Testing for infection specificity in COVID-19 BAL dataset

To test for SARS-CoV-2 infection specificity in different cell populations, we computed for each metacell the total number of host UMIs (hUMI) and viral UMIs (vUMI) in the three severe patients (S1-3). We then computed for each metacell its expected vUMI cout, based on its total UMI count (hUMI + vUMI) and the total vUMI proportion across all cells. Figure 4C shows log2 fold change between the observed and expected UMI in each metacell, after adding a regularization factor ( = 5) for each factor. Log2 fold change for the 27 subsets in Figure 3A, and calculated for each severe patient separately is shown in Table S2.

Testing for hMPV infection specificity was done in a similar manner. However, since UMI distribution across cells was abundant and heavy-tailed, we computed for each metacell the expected number of vUMI+ cells instead of its total vUMI count. A cell was determined vUMI+ if it had more than 10 viral UMI, as determined by automatic thresholding (Figure 4F). Figure 4G shows log2 fold change between the observed and expected vUMI+ cells in each metacell, after adding a regularization factor ( = 5) for each factor.

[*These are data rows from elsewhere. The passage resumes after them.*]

(* Let $q$ be a prime power, $n\ge 4$, $0\le h\le q^2-2$ and $(x,y)\in S_{\alpha^h}$. Then $$\left|\{z\in\Phi(n,q):(x,z)\in T,\ (z,y)\in T\}\right| = q^2\,|\Phi(n-2,q)|.$$ In particular (taking $h=0$) the valency of $T$ is $q^2|\Phi(n-2,q)|$.
   Context: Let $V=\mathbb{F}_{q^2}^m$ with Hermitian form $\langle x,y\rangle=\sum_k x_k y_k^{\,q}$ and $\Phi(m,q)=\{x\in\mathbb{F}_{q^2}^m\setminus\{0\}:\langle x,x\rangle=0\}$. Fix a primitive element $\alpha$ of $\mathbb{F}_{q^2}$. On $\Phi=\Phi(n,q)$ let $S_{\alpha^h}=\{(x,y)\in\Phi\times\Phi:y=\alpha^hx\}$ and $T=\{(x,y)\in\Phi\times\Phi:\langle x,y\rangle=0,\ y\notin\mathrm{Span}\{x\}\}$. *)

From HB Require Import structures.
From mathcomp Require Import all_boot all_order all_algebra all_field.
Set Implicit Arguments. Unset Strict Implicit. Unset Printing Implicit Defensive.
Import GRing.Theory.
Local Open Scope ring_scope.

(* Hermitian form on F^m, where F = GF(q^2): <x,y> = sum_k x_k * y_k^q *)
Definition herm (F : finFieldType) (q m : nat) (x y : 'rV[F]_m) : F :=
  \sum_(k < m) x 0 k * (y 0 k) ^+ q.

Definition Phi (F : finFieldType) (q m : nat) : {set 'rV[F]_m} :=
  [set x | (x != 0) && (herm q x x == 0)].

Definition Srel (F : finFieldType) (q n : nat) (alpha : F) (h : nat)
  (x y : 'rV[F]_n) : bool :=
  [&& x \in Phi F q n, y \in Phi F q n & y == alpha ^+ h *: x].

Definition Trel (F : finFieldType) (q n : nat) (x y : 'rV[F]_n) : bool :=
  [&& x \in Phi F q n, y \in Phi F q n, herm q x y == 0 & ~~ (y <= x)%MS].

From HB Require Import structures.
From mathcomp Require Import all_boot all_order all_algebra all_field.
From mathcomp Require Import ring zify.
Set Implicit Arguments. Unset Strict Implicit. Unset Printing Implicit Defensive.
Import GRing.Theory.
Local Open Scope ring_scope.

(* Fix an isotropic [x != 0] and [u] with [<u,x> = 1].  Every [v] is uniquely
   [w + a x + b u] with [w] orthogonal to [x] and [u], and then [<v,x> = b] and
   [<v,v> = <w,w> + a b^q + b a^q + r b^(q+1)] with [r = <u,u>].  Since the trace
   [s + s^q] is [q]-to-one onto the fixed field of Frobenius, [v] is isotropic for
   [q^2 [<w,w> = 0] + (q^2 - 1) q] pairs [(a, b)], and for [q^2 [<w,w> = 0]] pairs
   with [b = 0].  So the isotropic vectors of [x^perp] are [q^2] times the isotropic
   vectors of [W], whose number is forced by [|F^n|] and the number of isotropic
   vectors of [F^n]: it does not depend on [x].  For [x = (1, b, 0, ..., 0)] with
   [b^(q+1) = -1] and [u = (1, 0, ..., 0)], [W] is [F^(n-2)].  Removing the [q^2]
   vectors of [Span x] leaves [q^2 |Phi(n-2)|] neighbours, and [y = alpha^h x] has
   the same [T]-neighbours as [x]. *)

Lemma card_roots_lt (F : finFieldType) (p : {poly F}) :
  p != 0 -> (#|[set s | root p s]| < size p)%N.
Proof.
move=> p0; rewrite cardE; apply: max_poly_roots => //; last exact: enum_uniq.
by apply/allP => s; rewrite mem_enum inE.
Qed.

Lemma card_fibers_eq (T U : finType) (f : T -> U) (Y : {set U}) (k : nat) :
  #|T| = (k * k)%N -> (forall t, f t \in Y) -> (#|Y| <= k)%N ->
  (forall y, #|f @^-1: [set y]| <= k)%N ->
  forall y, y \in Y -> #|f @^-1: [set y]| = k.
Proof.
move=> cardT fY cardY fib_le y0 Yy0.
have sum_fibers : (#|T| = \sum_(y in Y) #|f @^-1: [set y]|)%N.
  rewrite -sum1_card (partition_big f (mem Y)) //=; apply: eq_bigr => y _.
  by rewrite sum1dep_card; apply: eq_card => t; rewrite !inE.
have others : (\sum_(y in Y | y != y0) #|f @^-1: [set y]| <= #|Y|.-1 * k)%N.
  apply: leq_trans (_ : \sum_(y in Y | y != y0) k <= _)%N.
    by apply: leq_sum => y _; apply: fib_le.
  rewrite sum_nat_const leq_mul2r (cardsD1 y0) Yy0 add1n /= orbC; apply/orP; left.
  by apply/eq_leq/eq_card => y; rewrite !inE andbC.
move: sum_fibers others (fib_le y0); rewrite (bigD1 y0) //= cardT.
move: (\sum_(_ in _ | _) _)%N #|f @^-1: _| cardY => rest fiber_y0.
case: #|Y| => [|c] /=; nia.
Qed.

Lemma card_set_sum (T : finType) (P : pred T) :
  #|[set t | P t]| = (\sum_t (P t : nat))%N.
Proof. by rewrite -sum1dep_card big_mkcond; apply: eq_bigr => t _; case: (P t). Qed.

Dichotomized differential gene expression analysis

ScRNA-seq data are intrinsically noisy data with a large proportion of zeros values (previously called dropouts) due to limited sampling of the initial mRNA molecule pool. In addition, cell library size is a major cofounder variable, even after common normalization procedures such as TPM, especially for lowly expressed genes (Hafemeister and Satija, 2019). We therefore improved the method used in our former paper (Blecher-Gonen et al., 2019) that was based on logistic regression.

Briefly our method is based on the global trend of the field that consists in sequencing large amounts of cells but with a limited sequencing depth. Such approach will produce mostly ‘binary’ data and seem to be represent the best compromise on a cost/efficiency point of view (Svensson et al., 2019). So far, several statistical models have been used to model and analyze scRNA-seq count data, most of them being based on the zero-inflated negative-binomial (ZINB) distribution (Finak et al., 2015, Kharchenko et al., 2014). However, recent studies suggested that those models are too complex and introduce artificial complexity (Silverman et al., 2018, Svensson, 2020, Townes et al., 2019). We hypothesize that with such binary data, current models will not fit properly and more suited ones need to be developed.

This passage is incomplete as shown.